Northern Ireland author Janet McNeill's novels probe the turbulent waters beneath the mannered society of upper-middle-class 1950s Belfast

BOOK OF THE WEEK

Belfast On A Plate, words Joanna Braniff, photography by David Pauley, available on Amazon and in book shops and tourist outlets from next week

“DO YOU know anything about...?” “Have you tried... yet?” “Were will we go for dinner?”

Wonder no more. If you’re looking for a place to eat in Belfast have a browse through Belfast On A Plate, a new book written by Joanna Braniff with sensational photographs by David Pauley of The Studio.

It’s said that food is the hardest of all subjects to photograph; well, David has it down to a T. Not only have this duo visited 20 of our outstanding restaurants, former Irish News journalist Joanna has interviewed the chefs and come away with 60 of their favourite recipes.

It’s a proud boast to say that Belfast is now recognised as one of the great European food destinations but this book proves it is so; indeed one area in the east of the city, Ballyhackamore is so well served that it’s now known as Ballysnackamore.

From Michelin-starred restaurants to bistros and gastro pubs, the writer has delved deep giving the history of the chefs and of the venues from new-builds to a converted church. Howard Street, we discover, has doors salvaged from a Christian Brothers' school and a terrazzo floor unearthed during renovation of the interior.

James Street South – an old linen mill; Neill’s Hill – named after the railway station in East Belfast decommissioned in the 1950s; the discreet Muddlers Club, tucked away in the Cathedral Quarter, recalls the rebellious United Irishmen of 1798.
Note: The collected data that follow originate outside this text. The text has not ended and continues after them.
(* The wall $W$ is bipartite and $3$-monotone: with $A:=\{(x,y)\in\mathbb{Z}^2: x+y\text{ even}\}$ and $B:=\{(x,y)\in\mathbb{Z}^2: x+y \text{ odd}\}$ as colour classes, each linearly ordered by $\preceq$, the edge set of $W$ is the union of three monotone matchings.
   Context: The wall is the infinite graph $W$ with vertex set $\mathbb{Z}^2$ and edge set $\{(x,y)(x+1,y): x,y\in\mathbb{Z}\}\cup\{(x,y)(x,y+1): x,y\in\mathbb{Z},\ x+y\text{ even}\}$; it is $3$-regular and planar. Define the linear order $\preceq$ on $\mathbb{Z}^2$ by $(x,y)\preceq(x',y')$ if $x+y<x'+y'$, or $x+y=x'+y'$ and $x\leq x'$. For a bipartite graph with linearly ordered colour classes $A$ and $B$, edges $ab$ and $a'b'$ ($a,a'\in A$, $b,b'\in B$) cross if $a\prec a'$ and $b'\prec b$; a matching is monotone if no two of its edges cross; the graph is $d$-monotone if its edge set is the union of $d$ monotone matchings. *)

From Stdlib Require Import ZArith.
Open Scope Z_scope.

Definition vtx := (Z * Z)%type.

Definition wall_edge (u v : vtx) : Prop :=
  let '(x, y) := u in let '(x', y') := v in
     (y' = y /\ x' = x + 1)
  \/ (y' = y /\ x = x' + 1)
  \/ (x' = x /\ y' = y + 1 /\ Z.Even (x + y))
  \/ (x' = x /\ y = y' + 1 /\ Z.Even (x' + y')).

Definition inA (u : vtx) : Prop := Z.Even (fst u + snd u).
Definition inB (u : vtx) : Prop := Z.Odd (fst u + snd u).

Definition wle (u v : vtx) : Prop :=
  fst u + snd u < fst v + snd v \/
  (fst u + snd u = fst v + snd v /\ fst u <= fst v).
Definition wlt (u v : vtx) : Prop := wle u v /\ u <> v.

(* A set of edges between A and B, given as pairs (a, b) with a in A, b in B. *)
Definition bipedges := vtx -> vtx -> Prop.

Definition is_matching (M : bipedges) : Prop :=
  (forall a b, M a b -> inA a /\ inB b /\ wall_edge a b) /\
  (forall a b b', M a b -> M a b' -> b = b') /\
  (forall a a' b, M a b -> M a' b -> a = a').

Definition cross (a b a' b' : vtx) : Prop := wlt a a' /\ wlt b' b.

Definition is_monotone_matching (M : bipedges) : Prop :=
  is_matching M /\
  (forall a b a' b', M a b -> M a' b' -> ~ cross a b a' b').

(** Every edge of the wall joins a vertex of A to one of B, and seen from its
    endpoint in A it is a translation by (1,0), (-1,0) or (0,1): vertical edges
    go upwards from even vertices only.  The edges of a fixed direction form a
    monotone matching, because a translation is strictly increasing for the
    order ⪯, so it cannot reverse the order of two left endpoints. *)

From Stdlib Require Import ZArith Lia.
Open Scope Z_scope.

Definition shift (d u : vtx) : vtx := (fst u + fst d, snd u + snd d).

Lemma shift_inj (d u v : vtx) : shift d u = shift d v -> u = v.
Proof.
  destruct u as [x y], v as [x' y']; unfold shift; simpl.
  intros [= Hx Hy]; f_equal; lia.
Qed.

Lemma wle_shift (d u v : vtx) : wle (shift d u) (shift d v) <-> wle u v.
Proof. unfold wle, shift; simpl; lia. Qed.

Lemma wlt_shift (d u v : vtx) : wlt (shift d u) (shift d v) <-> wlt u v.
Proof.
  unfold wlt; rewrite wle_shift; split.
  - intros [Hle Hne]; split; [exact Hle | congruence].
  - intros [Hle Hne]; split; [exact Hle | now intros ?%shift_inj].
Qed.

Lemma wlt_asym (u v : vtx) : wlt u v -> ~ wlt v u.
Proof.
  destruct u as [x y], v as [x' y']; unfold wlt, wle; simpl.
  intros [Huv Hne] [Hvu _]; apply Hne; f_equal; lia.
Qed.

Lemma wall_edge_parity (u v : vtx) :
  wall_edge u v -> Z.Odd ((fst u + snd u) + (fst v + snd v)).
Proof.
  destruct u as [x y], v as [x' y']; simpl.
  intros [[-> ->] | [[-> ->] | [[-> [-> _]] | [-> [-> _]]]]];
    [exists (x + y) | exists (x' + y) | exists (x + y) | exists (x + y')]; lia.
Qed.

Lemma wall_edge_bipartite (u v : vtx) :
  wall_edge u v -> (inA u /\ inB v) \/ (inB u /\ inA v).
Proof.
  intros [k Hk]%wall_edge_parity; unfold inA, inB.
  destruct (Z.Even_or_Odd (fst u + snd u)) as [[m Hm] | [m Hm]].
  - left; split; [exists m | exists (k - m)]; lia.
  - right; split; [exists m | exists (k - m)]; lia.
Qed.

Lemma wall_edge_from_A (a b : vtx) : inA a -> inB b ->
  wall_edge a b <->
  b = shift (1, 0) a \/ b = shift (-1, 0) a \/ b = shift (0, 1) a.
Proof.
  destruct a as [x y], b as [x' y']; unfold inA, inB, shift; simpl.
  intros HA [k Hk]; split.
  - intros [[-> ->] | [[-> ->] | [[-> [-> _]] | [-> [-> [m Hm]]]]]].
    + left; f_equal; lia.
    + right; left; f_equal; lia.
    + right; right; f_equal; lia.
    + lia.
  - intros [[= -> ->] | [[= -> ->] | [= -> ->]]].
    + left; split; lia.
    + right; left; split; lia.
    + right; right; left; repeat split; [lia | exact HA].
Qed.

Definition translation_matching (d : vtx) : bipedges :=
  fun a b => inA a /\ inB b /\ wall_edge a b /\ b = shift d a.

Lemma translation_matching_monotone (d : vtx) :
  is_monotone_matching (translation_matching d).
Proof.
  split; [split; [| split] |].
  - intros a b (HA & HB & Hab & _); auto.
  - intros a b b' (_ & _ & _ & ->) (_ & _ & _ & ->); reflexivity.
  - intros a a' b (_ & _ & _ & ->) (_ & _ & _ & Hb); exact (shift_inj d a a' Hb).
  - intros a b a' b' (_ & _ & _ & ->) (_ & _ & _ & ->) [Haa' Hba].
    apply (wlt_asym _ _ Hba); apply wlt_shift; exact Haa'.
Qed.

Theorem lemma11 :
  (forall u v : vtx, wall_edge u v ->
     (inA u /\ inB v) \/ (inB u /\ inA v)) /\
  (exists M1 M2 M3 : bipedges,
     is_monotone_matching M1 /\ is_monotone_matching M2 /\
     is_monotone_matching M3 /\
     (forall a b : vtx, inA a -> inB b ->
        (wall_edge a b <-> (M1 a b \/ M2 a b \/ M3 a b)))).
Proof.
  split; [exact wall_edge_bipartite |].
  exists (translation_matching (1, 0)), (translation_matching (-1, 0)),
    (translation_matching (0, 1)).
  do 3 (split; [apply translation_matching_monotone |]).
  intros a b HA HB; unfold translation_matching.
  pose proof (wall_edge_from_A a b HA HB) as Hdir; split.
  - intros Hab; destruct (proj1 Hdir Hab) as [H | [H | H]]; tauto.
  - intros [(_ & _ & Hab & _) | [(_ & _ & Hab & _) | (_ & _ & Hab & _)]]; exact Hab.
Qed.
In a short period of time, the men and women behind these eateries have proved their passion for their art and dragged Belfast up by the boot straps from a city in turmoil to a vibrant, fascinating place to be. They also score by using local produce; they know the field where beef on the hoof have been grazed, sourcing lobster from Whitehead and scallops from Strangford Lough.

This book is a treasure for a lot of reasons – easy and interesting to read, lovely to look at and a lesson in haute cuisine made easy for the likes of you and me.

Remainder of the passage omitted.